* _WHAT THE TASK REQUIRES_
In the entries below, the lines from the one with "move=> [w [th fE]]." through the one with "Lemma prD_gt0 A" are to be copied exactly; both ends count.

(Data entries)
——

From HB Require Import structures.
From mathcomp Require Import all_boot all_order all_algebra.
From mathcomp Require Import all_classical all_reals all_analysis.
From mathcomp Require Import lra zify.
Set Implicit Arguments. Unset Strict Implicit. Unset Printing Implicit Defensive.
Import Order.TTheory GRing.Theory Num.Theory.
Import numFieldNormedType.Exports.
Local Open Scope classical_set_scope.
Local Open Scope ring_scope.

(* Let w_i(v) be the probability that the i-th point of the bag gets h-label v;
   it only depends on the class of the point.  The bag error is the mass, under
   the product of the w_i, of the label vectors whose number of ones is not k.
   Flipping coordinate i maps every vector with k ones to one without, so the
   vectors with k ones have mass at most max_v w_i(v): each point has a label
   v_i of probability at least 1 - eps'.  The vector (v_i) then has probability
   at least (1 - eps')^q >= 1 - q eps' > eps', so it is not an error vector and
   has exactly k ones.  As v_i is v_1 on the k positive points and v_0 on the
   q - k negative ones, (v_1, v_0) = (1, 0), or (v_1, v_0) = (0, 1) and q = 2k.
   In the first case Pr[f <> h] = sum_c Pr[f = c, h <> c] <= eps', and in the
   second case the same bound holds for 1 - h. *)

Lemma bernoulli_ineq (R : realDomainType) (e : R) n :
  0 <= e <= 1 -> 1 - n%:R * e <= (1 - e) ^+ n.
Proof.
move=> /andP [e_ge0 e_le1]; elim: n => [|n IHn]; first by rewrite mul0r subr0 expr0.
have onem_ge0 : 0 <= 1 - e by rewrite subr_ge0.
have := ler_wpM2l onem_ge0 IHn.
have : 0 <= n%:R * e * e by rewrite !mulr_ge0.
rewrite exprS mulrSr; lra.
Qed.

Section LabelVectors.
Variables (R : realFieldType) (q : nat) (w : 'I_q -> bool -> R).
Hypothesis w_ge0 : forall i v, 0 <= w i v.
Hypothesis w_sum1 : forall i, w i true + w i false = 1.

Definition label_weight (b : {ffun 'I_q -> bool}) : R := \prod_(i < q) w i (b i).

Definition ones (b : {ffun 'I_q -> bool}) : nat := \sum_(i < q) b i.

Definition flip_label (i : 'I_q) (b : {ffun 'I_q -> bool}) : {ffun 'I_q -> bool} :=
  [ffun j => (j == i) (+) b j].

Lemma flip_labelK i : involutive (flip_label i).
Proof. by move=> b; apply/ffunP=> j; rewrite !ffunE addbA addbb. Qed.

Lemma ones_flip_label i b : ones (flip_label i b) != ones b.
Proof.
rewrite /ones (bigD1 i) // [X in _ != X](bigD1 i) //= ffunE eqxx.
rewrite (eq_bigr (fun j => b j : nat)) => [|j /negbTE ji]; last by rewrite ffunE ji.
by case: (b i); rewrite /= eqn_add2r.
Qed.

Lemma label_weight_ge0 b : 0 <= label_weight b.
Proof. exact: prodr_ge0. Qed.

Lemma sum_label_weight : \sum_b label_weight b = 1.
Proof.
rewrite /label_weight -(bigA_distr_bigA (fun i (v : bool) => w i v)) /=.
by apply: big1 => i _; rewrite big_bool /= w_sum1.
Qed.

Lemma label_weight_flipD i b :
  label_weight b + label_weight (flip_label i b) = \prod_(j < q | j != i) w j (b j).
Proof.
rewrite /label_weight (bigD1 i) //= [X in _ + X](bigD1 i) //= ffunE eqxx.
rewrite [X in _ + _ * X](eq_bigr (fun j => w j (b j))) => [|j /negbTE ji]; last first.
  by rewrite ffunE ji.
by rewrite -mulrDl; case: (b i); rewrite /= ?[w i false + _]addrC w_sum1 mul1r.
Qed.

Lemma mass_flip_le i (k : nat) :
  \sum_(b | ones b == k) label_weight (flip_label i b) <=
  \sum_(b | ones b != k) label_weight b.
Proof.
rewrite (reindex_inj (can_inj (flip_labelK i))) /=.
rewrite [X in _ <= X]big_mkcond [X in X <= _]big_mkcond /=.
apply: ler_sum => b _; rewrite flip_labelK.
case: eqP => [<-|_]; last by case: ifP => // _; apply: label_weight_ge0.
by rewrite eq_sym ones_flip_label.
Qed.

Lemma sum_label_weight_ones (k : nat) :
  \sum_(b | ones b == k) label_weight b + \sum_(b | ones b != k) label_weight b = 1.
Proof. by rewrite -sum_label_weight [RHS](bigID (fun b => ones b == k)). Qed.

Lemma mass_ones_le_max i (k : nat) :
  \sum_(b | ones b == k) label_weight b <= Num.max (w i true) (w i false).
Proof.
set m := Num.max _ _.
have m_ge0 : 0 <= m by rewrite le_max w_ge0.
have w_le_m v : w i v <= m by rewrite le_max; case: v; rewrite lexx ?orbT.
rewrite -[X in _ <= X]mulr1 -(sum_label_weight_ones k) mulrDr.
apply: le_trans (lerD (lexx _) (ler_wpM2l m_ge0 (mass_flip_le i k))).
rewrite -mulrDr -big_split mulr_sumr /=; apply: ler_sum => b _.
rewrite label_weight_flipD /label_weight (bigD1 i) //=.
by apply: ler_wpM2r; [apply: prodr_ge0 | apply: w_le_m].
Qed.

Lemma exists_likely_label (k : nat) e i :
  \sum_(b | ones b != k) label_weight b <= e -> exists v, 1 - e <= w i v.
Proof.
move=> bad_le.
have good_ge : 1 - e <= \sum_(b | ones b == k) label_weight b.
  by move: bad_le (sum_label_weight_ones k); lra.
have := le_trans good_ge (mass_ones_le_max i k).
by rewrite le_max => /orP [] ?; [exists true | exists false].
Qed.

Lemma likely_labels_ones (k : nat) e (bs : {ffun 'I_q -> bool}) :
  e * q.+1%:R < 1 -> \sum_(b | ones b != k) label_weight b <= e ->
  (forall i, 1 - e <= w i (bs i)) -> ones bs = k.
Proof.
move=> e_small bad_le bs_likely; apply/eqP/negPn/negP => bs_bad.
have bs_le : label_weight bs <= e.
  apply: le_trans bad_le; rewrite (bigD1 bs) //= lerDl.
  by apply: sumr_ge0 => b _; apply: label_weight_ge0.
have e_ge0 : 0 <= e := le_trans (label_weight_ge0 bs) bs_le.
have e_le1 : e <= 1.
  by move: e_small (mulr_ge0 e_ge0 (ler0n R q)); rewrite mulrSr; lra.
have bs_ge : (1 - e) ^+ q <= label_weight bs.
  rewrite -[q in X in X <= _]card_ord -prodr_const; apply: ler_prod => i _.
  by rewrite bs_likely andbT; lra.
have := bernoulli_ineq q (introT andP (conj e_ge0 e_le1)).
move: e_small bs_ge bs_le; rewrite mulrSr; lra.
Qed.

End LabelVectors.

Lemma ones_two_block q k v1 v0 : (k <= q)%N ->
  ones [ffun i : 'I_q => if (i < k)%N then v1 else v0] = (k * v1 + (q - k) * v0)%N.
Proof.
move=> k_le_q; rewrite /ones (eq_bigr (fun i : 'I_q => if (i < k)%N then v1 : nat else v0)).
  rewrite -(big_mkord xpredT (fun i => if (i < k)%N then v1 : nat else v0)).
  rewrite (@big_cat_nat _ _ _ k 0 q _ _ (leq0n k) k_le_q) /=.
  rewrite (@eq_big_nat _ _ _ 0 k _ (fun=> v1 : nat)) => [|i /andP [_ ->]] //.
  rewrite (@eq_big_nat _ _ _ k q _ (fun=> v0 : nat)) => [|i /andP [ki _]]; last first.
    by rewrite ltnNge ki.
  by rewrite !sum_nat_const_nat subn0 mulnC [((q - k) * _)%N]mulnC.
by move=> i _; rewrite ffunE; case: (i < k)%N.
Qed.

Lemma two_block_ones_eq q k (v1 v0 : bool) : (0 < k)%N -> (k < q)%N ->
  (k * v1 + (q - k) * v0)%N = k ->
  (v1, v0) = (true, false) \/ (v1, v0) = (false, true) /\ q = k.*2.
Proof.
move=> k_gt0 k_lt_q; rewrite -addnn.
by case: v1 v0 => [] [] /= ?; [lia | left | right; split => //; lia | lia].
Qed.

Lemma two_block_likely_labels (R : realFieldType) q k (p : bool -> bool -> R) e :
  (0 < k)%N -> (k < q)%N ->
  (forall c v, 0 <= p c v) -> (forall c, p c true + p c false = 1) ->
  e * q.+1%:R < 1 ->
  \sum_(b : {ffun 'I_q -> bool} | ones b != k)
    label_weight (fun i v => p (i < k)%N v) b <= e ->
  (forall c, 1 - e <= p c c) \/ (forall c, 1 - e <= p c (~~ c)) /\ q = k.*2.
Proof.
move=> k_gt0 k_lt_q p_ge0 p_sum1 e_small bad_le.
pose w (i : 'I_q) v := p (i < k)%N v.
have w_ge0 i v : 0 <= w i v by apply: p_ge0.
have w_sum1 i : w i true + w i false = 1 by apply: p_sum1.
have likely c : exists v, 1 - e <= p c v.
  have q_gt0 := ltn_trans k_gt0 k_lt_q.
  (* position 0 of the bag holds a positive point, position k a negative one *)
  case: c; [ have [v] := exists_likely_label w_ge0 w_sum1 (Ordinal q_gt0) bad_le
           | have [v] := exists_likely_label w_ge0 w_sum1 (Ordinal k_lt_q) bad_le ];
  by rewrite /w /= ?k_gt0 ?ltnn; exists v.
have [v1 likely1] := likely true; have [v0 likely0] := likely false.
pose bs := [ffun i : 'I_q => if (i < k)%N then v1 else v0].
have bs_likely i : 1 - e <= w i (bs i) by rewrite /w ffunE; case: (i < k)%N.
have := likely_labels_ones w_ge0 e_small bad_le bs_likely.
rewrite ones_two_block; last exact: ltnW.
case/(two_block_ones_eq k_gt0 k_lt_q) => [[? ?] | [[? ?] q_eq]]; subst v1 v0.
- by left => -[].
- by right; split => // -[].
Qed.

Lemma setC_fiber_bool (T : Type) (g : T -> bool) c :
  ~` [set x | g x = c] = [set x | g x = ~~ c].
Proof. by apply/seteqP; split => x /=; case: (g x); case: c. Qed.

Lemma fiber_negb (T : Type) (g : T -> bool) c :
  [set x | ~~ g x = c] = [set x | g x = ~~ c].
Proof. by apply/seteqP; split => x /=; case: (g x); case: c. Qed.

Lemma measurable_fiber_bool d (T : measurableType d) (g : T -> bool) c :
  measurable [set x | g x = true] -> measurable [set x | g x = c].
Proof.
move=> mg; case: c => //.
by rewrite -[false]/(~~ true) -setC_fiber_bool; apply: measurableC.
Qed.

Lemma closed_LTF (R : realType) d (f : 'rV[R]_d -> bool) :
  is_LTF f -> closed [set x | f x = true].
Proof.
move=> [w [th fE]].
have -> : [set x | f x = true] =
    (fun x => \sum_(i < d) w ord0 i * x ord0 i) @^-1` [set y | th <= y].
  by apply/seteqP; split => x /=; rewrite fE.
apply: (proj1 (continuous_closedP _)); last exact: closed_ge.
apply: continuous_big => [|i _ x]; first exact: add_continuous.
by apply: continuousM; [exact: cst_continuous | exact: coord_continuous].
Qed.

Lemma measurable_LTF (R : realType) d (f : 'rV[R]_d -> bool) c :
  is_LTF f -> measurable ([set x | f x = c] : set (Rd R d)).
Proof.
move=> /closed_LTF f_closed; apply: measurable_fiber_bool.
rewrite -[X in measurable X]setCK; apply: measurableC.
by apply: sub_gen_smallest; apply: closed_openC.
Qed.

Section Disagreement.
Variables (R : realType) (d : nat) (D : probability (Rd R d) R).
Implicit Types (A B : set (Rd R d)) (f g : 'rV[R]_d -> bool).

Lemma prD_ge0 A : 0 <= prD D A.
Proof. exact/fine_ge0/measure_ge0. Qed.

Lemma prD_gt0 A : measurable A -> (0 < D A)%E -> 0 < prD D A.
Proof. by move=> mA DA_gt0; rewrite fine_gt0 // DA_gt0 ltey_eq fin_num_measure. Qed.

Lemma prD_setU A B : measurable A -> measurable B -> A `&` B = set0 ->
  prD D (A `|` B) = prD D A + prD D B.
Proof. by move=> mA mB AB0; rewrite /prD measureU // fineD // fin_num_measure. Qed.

——

* _SOLUTION TO THE PROBLEM_
move=> [w [th fE]].
have -> : [set x | f x = true] =
    (fun x => \sum_(i < d) w ord0 i * x ord0 i) @^-1` [set y | th <= y].
  by apply/seteqP; split => x /=; rewrite fE.
apply: (proj1 (continuous_closedP _)); last exact: closed_ge.
apply: continuous_big => [|i _ x]; first exact: add_continuous.
by apply: continuousM; [exact: cst_continuous | exact: coord_continuous].
Qed.

Lemma measurable_LTF (R : realType) d (f : 'rV[R]_d -> bool) c :
  is_LTF f -> measurable ([set x | f x = c] : set (Rd R d)).
Proof.
move=> /closed_LTF f_closed; apply: measurable_fiber_bool.
rewrite -[X in measurable X]setCK; apply: measurableC.
by apply: sub_gen_smallest; apply: closed_openC.
Qed.

Section Disagreement.
Variables (R : realType) (d : nat) (D : probability (Rd R d) R).
Implicit Types (A B : set (Rd R d)) (f g : 'rV[R]_d -> bool).

Lemma prD_ge0 A : 0 <= prD D A.
Proof. exact/fine_ge0/measure_ge0. Qed.

Lemma prD_gt0 A : measurable A -> (0 < D A)%E -> 0 < prD D A.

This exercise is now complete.